The user profile is captured at job submission time, then restored verbatim. Profiles scripts and the like are not run when setting up the user environment. This is also what allows lmod to continue functioning when restored on the job.

> Question 2: Can you suggest better ways to set up a default environment in
> jobs, which will differ from the environment in the login nodes?  The goal
> is for this to be automatic so that users won't have to worry about setting
> the correct CPU architecture and variables like OMP_NUM_THREADS=1.

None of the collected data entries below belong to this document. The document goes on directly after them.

(* Let $\mathcal E$ be a nest on a complex Banach space $X$ and let $\mathcal J$ be a $\mathcal T(\mathcal E)$-bimodule. Let $\mathcal J_0$ be the set of finite rank operators in $\mathcal J$ and $\overline{\mathcal J_0}$ its norm closure. Then $\Phi_{\mathcal J_0}=\Phi_{\overline{\mathcal J_0}}=\Phi_{\mathcal J}$.
   Context: A nest $\mathcal E$ on $X$ is a family of closed linear subspaces of $X$, totally ordered by inclusion, containing $\{0\}$ and $X$, closed under arbitrary meets (intersections) and joins (norm-closed linear spans of unions). $\mathcal T(\mathcal E)=\{T\in\mathcal B(X): TE\subseteq E\ \forall E\in\mathcal E\}$. A $\mathcal T(\mathcal E)$-bimodule is a linear subspace $\mathcal J\subseteq\mathcal B(X)$ with $\mathcal T(\mathcal E)\mathcal J\subseteq\mathcal J$ and $\mathcal J\mathcal T(\mathcal E)\subseteq\mathcal J$ ($\mathcal J_0$ and $\overline{\mathcal J_0}$ are again bimodules). For a bimodule $\mathcal J$, $\Phi_{\mathcal J}:\mathcal E\to\mathcal E$ is $\Phi_{\mathcal J}(E)=[\mathcal JE]$, the norm-closed linear span of $\{Tx:T\in\mathcal J,x\in E\}$. *)

From HB Require Import structures.
From mathcomp Require Import all_boot all_order all_algebra.
From mathcomp Require Import all_classical all_reals all_analysis.
From mathcomp Require Import complex.
Import Order.TTheory GRing.Theory Num.Theory.
Import numFieldNormedType.Exports.

Set Implicit Arguments.
Unset Strict Implicit.
Unset Printing Implicit Defensive.

Local Open Scope classical_set_scope.
Local Open Scope ring_scope.

Section Nests.
Context {R : realType} {X : completeNormedModType R[i]}.

Definition lspan (S : set X) : set X :=
  [set v | exists (n : nat) (c : 'I_n -> R[i]) (s : 'I_n -> X),
             (forall i, S (s i)) /\ v = \sum_(i < n) c i *: s i].

Definition clspan (S : set X) : set X := closure (lspan S).

Definition closed_subspace (E : set X) : Prop :=
  [/\ closed E, E 0 & forall (a : R[i]) (u v : X), E u -> E v -> E (a *: u + v)].

Definition bounded_op (T : X -> X) : Prop :=
  (forall (a : R[i]) (u v : X), T (a *: u + v) = a *: T u + T v) /\ continuous T.

Definition nest (N : set (set X)) : Prop :=
  [/\ (forall E, N E -> closed_subspace E),
      (forall E F, N E -> N F -> E `<=` F \/ F `<=` E),
      N [set 0] /\ N setT,
      (forall F, F `<=` N -> N (\bigcap_(E in F) E))
    & (forall F, F `<=` N -> N (clspan (\bigcup_(E in F) E)))].

Definition nest_alg (N : set (set X)) : set (X -> X) :=
  [set T | bounded_op T /\ forall E, N E -> forall x, E x -> E (T x)].

Definition bimodule (N : set (set X)) (J : set (X -> X)) : Prop :=
  [/\ (forall T, J T -> bounded_op T),
      J (fun _ => 0),
      (forall (a : R[i]) S T, J S -> J T -> J (fun x => a *: S x + T x)),
      (forall A T, nest_alg N A -> J T -> J (A \o T))
    & (forall A T, nest_alg N A -> J T -> J (T \o A))].

Definition finite_rank (T : X -> X) : Prop :=
  exists (n : nat) (s : 'I_n -> X), range T `<=` lspan (range s).

Definition fin_rank_part (J : set (X -> X)) : set (X -> X) :=
  [set T | J T /\ finite_rank T].

(* Closure of a set of operators in B(X) for the operator norm:
   T is in it iff T is bounded and for all e > 0 there is S in J with
   ||T - S|| <= e, i.e. |T x - S x| <= e |x| for all x. *)
Definition op_norm_closure (J : set (X -> X)) : set (X -> X) :=
  [set T | bounded_op T /\
     forall e : R[i], 0 < e -> exists S, J S /\
        forall x : X, `|T x - S x| <= e * `|x|].

Definition Phi (J : set (X -> X)) (E : set X) : set X :=
  clspan [set y | exists T x, [/\ J T, E x & y = T x]].

End Nests.

From HB Require Import structures.
From mathcomp Require Import all_boot all_order all_algebra.
From mathcomp Require Import all_classical all_reals all_analysis.
From mathcomp Require Import complex.
From mathcomp Require Import lra ring.
Import Order.TTheory GRing.Theory Num.Theory.
Import numFieldNormedType.Exports.
Local Open Scope classical_set_scope.
Local Open Scope ring_scope.
Local Open Scope complex_scope.
Set Implicit Arguments. Unset Strict Implicit.

(* For every E in N (in
   fact for every subset E of X) we prove the cycle of inclusions
        Phi_J0(E) <= Phi_cl(J0)(E) <= Phi_J(E) <= Phi_J0(E).
   The first is monotonicity of Phi, the second holds because T x is the norm
   limit of the vectors S x, S in J0.  The third is the heart of the matter:
   given T in J and x in E, Hahn-Banach yields bounded functionals f, vanishing
   on a suitable closed subspace M, with f z = 1 for some z in E; the rank one
   operator u |-> f u *: y then lies in T(N), so T composed with it is a finite
   rank element of J sending z to T y.  Depending on whether E is contained in
   the closed span of the nest elements not containing x, this either gives
   T x directly or gives T y for all y in that span, which contains x. *)

Section NestBimodules.
Context {R : realType} {X : completeNormedModType R[i]}.

Lemma cs_scale (M : set X) a u : closed_subspace M -> M u -> M (a *: u).
Proof. by case=> _ Z L Mu; have := L a _ _ Mu Z; rewrite addr0. Qed.

Lemma cs_add (M : set X) u v : closed_subspace M -> M u -> M v -> M (u + v).
Proof. by case=> _ Z L Mu Mv; have := L 1 _ _ Mu Mv; rewrite scale1r. Qed.

Lemma cs_opp (M : set X) u : closed_subspace M -> M u -> M (- u).
Proof. by move=> cM Mu; rewrite -scaleN1r; exact: cs_scale. Qed.

(* The norm of X, which is a real element of R[i], seen in R; Hahn-Banach
   is a statement about real functionals dominated by it. *)
Definition rnorm (x : X) : R := complex.Re `|x|.

Lemma rnormE (x : X) : `|x| = (rnorm x)%:C.
Proof. by rewrite /rnorm RRe_real // normr_real. Qed.

Lemma rnormD x y : rnorm (x + y) <= rnorm x + rnorm y.
Proof. by rewrite -lecR rmorphD /= -!rnormE ler_normD. Qed.

Lemma normcR (r : R) : `|r%:C| = `|r|%:C.
Proof. by rewrite normc_def /= expr0n /= addr0 sqrtr_sqr. Qed.

Lemma normi : `|'i : R[i]| = 1.
Proof. by rewrite normc_def /= expr0n expr1n add0r sqrtr1. Qed.

Lemma rnormZ (t : R) x : rnorm (t%:C *: x) = `|t| * rnorm x.
Proof. by apply: complexI; rewrite -rnormE normrZ normcR rnormE rmorphM. Qed.

Lemma rnormN x : rnorm (- x) = rnorm x.
Proof. by apply: complexI; rewrite -!rnormE normrN. Qed.

Lemma rnormiZ x : rnorm ('i *: x) = rnorm x.
Proof. by apply: complexI; rewrite -!rnormE normrZ normi mul1r. Qed.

Look into using a TaskProlog script. https://slurm.schedmd.com/prolog_epilog.html
Comment 2 Ole.H.Nielsen@fysik.dtu.dk 2017-03-22 10:38:39 MDT
(In reply to Tim Wickberg from comment #1)
> The user profile is captured at job submission time, then restored verbatim.
> Profiles scripts and the like are not run when setting up the user
> environment. This is also what allows lmod to continue functioning when
> restored on the job.

Thanks, now this makes sense to me!

> > Question 2: Can you suggest better ways to set up a default environment in
> > jobs, which will differ from the environment in the login nodes?  The goal
> > is for this to be automatic so that users won't have to worry about setting
> > the correct CPU architecture and variables like OMP_NUM_THREADS=1.
> 
> Look into using a TaskProlog script.
> https://slurm.schedmd.com/prolog_epilog.html

OK, it's time to dive into yet another Slurm feature :-)

You may close this case now, thanks.